I would like to propose another future goal, which can be turned into an own issue after this one was resolved. The idea is to drop the OSC with -original suffix (purpose reconcile) and migrate its contents into the NodeAgentConfiguration. The -downloader OSC can remain as is.

This way, we can move on to a more concise interface for gardener-node-agent, which has several advantages:

The new interface enhances the visibility and testability for the features that are currently wrapped implicitly inside the OSC's file and unit definitions, making them easier to parametrize and to implement
Gardener and Extensions should not need to struggle with OS-/node-internals, only the gardener-node-agent should implement this kind of code
Extensions that want to hook into node-specific configuration do not need to agree on conventions (an example might be the registry-extension, which wants to add mirror configuration for containerd and has to put it to a specific path in order not to conflict with other extensions that want to modify the containerd configuration as well).
The node-agent can directly read its configuration from the secret instead of the described approach where the configuration is wrapped inside the OSC, which the OSC controller writes to the disk, which will then notify other controllers do apply possible changes.
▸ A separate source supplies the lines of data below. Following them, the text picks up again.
Lemma norm_deriveB_le (p E v : vec) : D p -> D E ->
  `|'D_v f p - 'D_v f E| <= B * l1norm v * l1norm (p - E).
Proof.
move=> Dp DE; rewrite (derive_ebasis_sum _ (f_diff Dp)).
rewrite (derive_ebasis_sum _ (f_diff DE)) -sumrB.
apply: le_trans (ler_norm_sum _ _ _) _.
rewrite (mulrC B) -mulrA {1}/l1norm mulr_suml; apply: ler_sum => j _.
rewrite -mulrBr normrM; apply: ler_wpM2l; first exact: normr_ge0.
apply: (@normB_le_l1_segment _ _ ('D_(ebasis R j) f) E p B) => [s s01|s i s01].
- exact: df_diff (convexD DE Dp s01).
- exact: d2f_bound (convexD DE Dp s01).
Qed.

Lemma Ekappa_derive_ge (E : vec) (k : 'rV[int]_d) :
  Ekappa D f Delta kappa E -> k != 0 -> enorm (rvec R k) <= X ->
  h * kappa / Delta X <= `|'D_(h *: rvec R k) f E|.
Proof.
move=> [DE Ediophantine] k0 kX.
have Dk_gt0 : 0 < Delta (enorm (rvec R k)) by apply/Delta_gt0/enorm_ge0.
have DkX : Delta (enorm (rvec R k)) <= Delta X.
  move: kX; rewrite le_eqVlt => /orP[/eqP -> //|kX].
  by apply/ltW/Delta_incr => //; apply: enorm_ge0.
have -> : 'D_(h *: rvec R k) f E = h * inner (grad f E) (rvec R k).
  rewrite (derive_ebasis_sum _ (f_diff DE)) /inner mulr_sumr.
  by apply: eq_bigr => i _; rewrite /grad !mxE -mulrA; congr (_ * _); apply: mulrC.
rewrite normrM gtr0_norm // -mulrA ler_pM2l //.
apply: le_trans (Ediophantine k k0).
by rewrite ler_pM2l // lef_pV2 ?posrE // (lt_le_trans Dk_gt0).
Qed.

Lemma quasi_eigenvalue_gap_ge (x y E : vec) (k : 'rV[int]_d) :
  D x -> D y -> k != 0 -> x - y = h *: rvec R k ->
  Ekappa D f Delta kappa E -> enorm (x - E) <= (L + 1) * h ->
  enorm (x - y) <= h * X ->
  h * kappa / Delta X - A * h * (d%:R * (h * X))
    - B * (d%:R * (h * X)) * (d%:R * (h * X) + d%:R * ((L + 1) * h))
  <= `|F x - F y|.
Proof.
move=> Dx Dy k0 xy_hk Ek xE xy.
have [p p01 fxy] := MVT_line (fun s s01 => f_diff (convexD Dy Dx s01)).
have Dq := convexD Dy Dx p01.
set v := x - y in xy_hk xy fxy Dq *; set q := y + p *: v in fxy Dq *.
have DE : D E by case: Ek.
have l1v : l1norm v <= d%:R * (h * X).
  by apply: le_trans (l1norm_le_enorm v) _; rewrite ler_wpM2l.
have l1qE : l1norm (q - E) <= d%:R * (h * X) + d%:R * ((L + 1) * h).
  apply: le_trans (l1norm_subD q E x) _; apply: lerD.
    have -> : q - x = (p - 1) *: v by apply/rowP => i; rewrite !mxE; ring.
    rewrite l1normZ; apply: le_trans l1v; apply: ler_piMl; first exact: l1norm_ge0.
    case/andP: p01 => p0 p1; rewrite distrC ger0_norm ?gerBl; first exact: p0.
    by rewrite subr_ge0; exact: p1.
  by apply: le_trans (l1norm_le_enorm _) _; rewrite ler_wpM2l.
have perturbation : `|(F x - f x) - (F y - f y)| <= A * h * l1norm v.
  apply: (@normB_le_l1_segment _ _ (fun I => F I - f I) y x) => [s s01|s i s01].
  - exact: Ff_diff (convexD Dy Dx s01).
  - exact: dFf_bound (convexD Dy Dx s01).
have leading : h * kappa / Delta X <= `|'D_v f E|.
  rewrite xy_hk; apply: Ekappa_derive_ge => //.
  by rewrite -(enormZ_ler_pM2l _ _ h_gt0) -xy_hk.
have curvature := norm_deriveB_le v Dq DE.
have -> : F x - F y = ((F x - f x) - (F y - f y)) + 'D_v f E + ('D_v f q - 'D_v f E).
  by rewrite -fxy; ring.
set a := _ - _ in perturbation *; set b := 'D_v f E in leading *.
set c := _ - b in curvature *.
have a_le : `|a| <= A * h * (d%:R * (h * X)).
  apply: le_trans perturbation (ler_wpM2l _ l1v).
  exact: mulr_ge0 A_ge0 (ltW h_gt0).
have c_le : `|c| <= B * (d%:R * (h * X)) * (d%:R * (h * X) + d%:R * ((L + 1) * h)).
  apply: le_trans curvature _; rewrite -2!mulrA; apply: ler_wpM2l; first exact: B_ge0.
  by apply: ler_pM => //; apply: l1norm_ge0.
have b_le : `|b| <= `|a + b + c| + `|a| + `|c|.
  rewrite {1}(_ : b = a + b + c - a - c); last by ring.
  apply: le_trans (ler_normB _ _) _; rewrite lerD2r; exact: ler_normB.
lra.
Qed.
Here is an example of how the configuration could be extended:

type NodeAgentConfiguration struct {
	metav1.TypeMeta

	// APIServer contains the connection configuration for the gardener-node-agent to
	// access the shoot api server.
	APIServer APIServer `json:"apiServer"`

	// ConfigurationSecretName defines the name of the secret in the shoot cluster, which contains
	// the configuration for the gardener-node-agent.
	ConfigurationSecretName string `json:"configSecretName"`
	// TokenSecretName defines the name of the secret in the shoot cluster, which contains
	// the projected shoot access token for the gardener-node-agent.
	TokenSecretName string `json:"tokenSecretName"`

	// Image is the docker image reference to the gardener-node-agent.
	Image string `json:"image"`
	// HyperkubeImage is the docker image reference to the hyperkube containing kubelet.
	HyperkubeImage string `json:"hyperkubeImage"`

	// KubernetesVersion contains the kubernetes version of the kubelet, used for annotating
	// the corresponding node resource with a kubernetes version annotation.
	KubernetesVersion string `json:"kubernetesVersion"`

	// ContainerdConfiguration configures the containerd runtime according to the given configuration.
	// +optional
	ContainerdConfiguration *ContainerdConfiguration `json:"containerdConfiguration,omitempty`

	// ValitailConfiguration configures valitail according to the given configuration.
	// +optional
	ValitailConfiguration *ValitailConfiguration `json:"valitailConfiguration,omitempty`
    
	// KubeletDataVolumeSize sets the data volume size of an unformatted disk on the worker node,
	// which is the be used for /var/lib on the worker.
	// +optional
	KubeletDataVolumeSize *int64 `json:"kubeletDataVolumeSize,omitempty"`
}

type ContainerdConfiguration struct {
	// RegistryMirrors a list of registry mirror to configure for containerd.
	RegistryMirrors []string `json:"registryMirrors,omitempty`
	// MonitorEnabled deploys a service to monitor the containerd service.
	MonitorEnabled bool `json:"monitorEnabled`
	// LogRotationPeriod is cron schedule for when logs of containerd a rotated.
	LogRotationPeriod string `json:"logRotationPeriod"`

	// ... fields have to be worked out in the future
}

type ValitailConfiguration struct {
	// ... fields have to be worked out in the future
}

Do you think this is feasible?

Jun 05 '23 08:06 Gerrit91

As promised I rebased all currently known future changes from the hackathon following the current PR. Here you can have a look on the additional changes. As I could not come up with an ideal order of upcoming PRs based on the controllers yet, I did not create isolated commits (although it would be easier to cherry-pick and rebase a controller for a pr).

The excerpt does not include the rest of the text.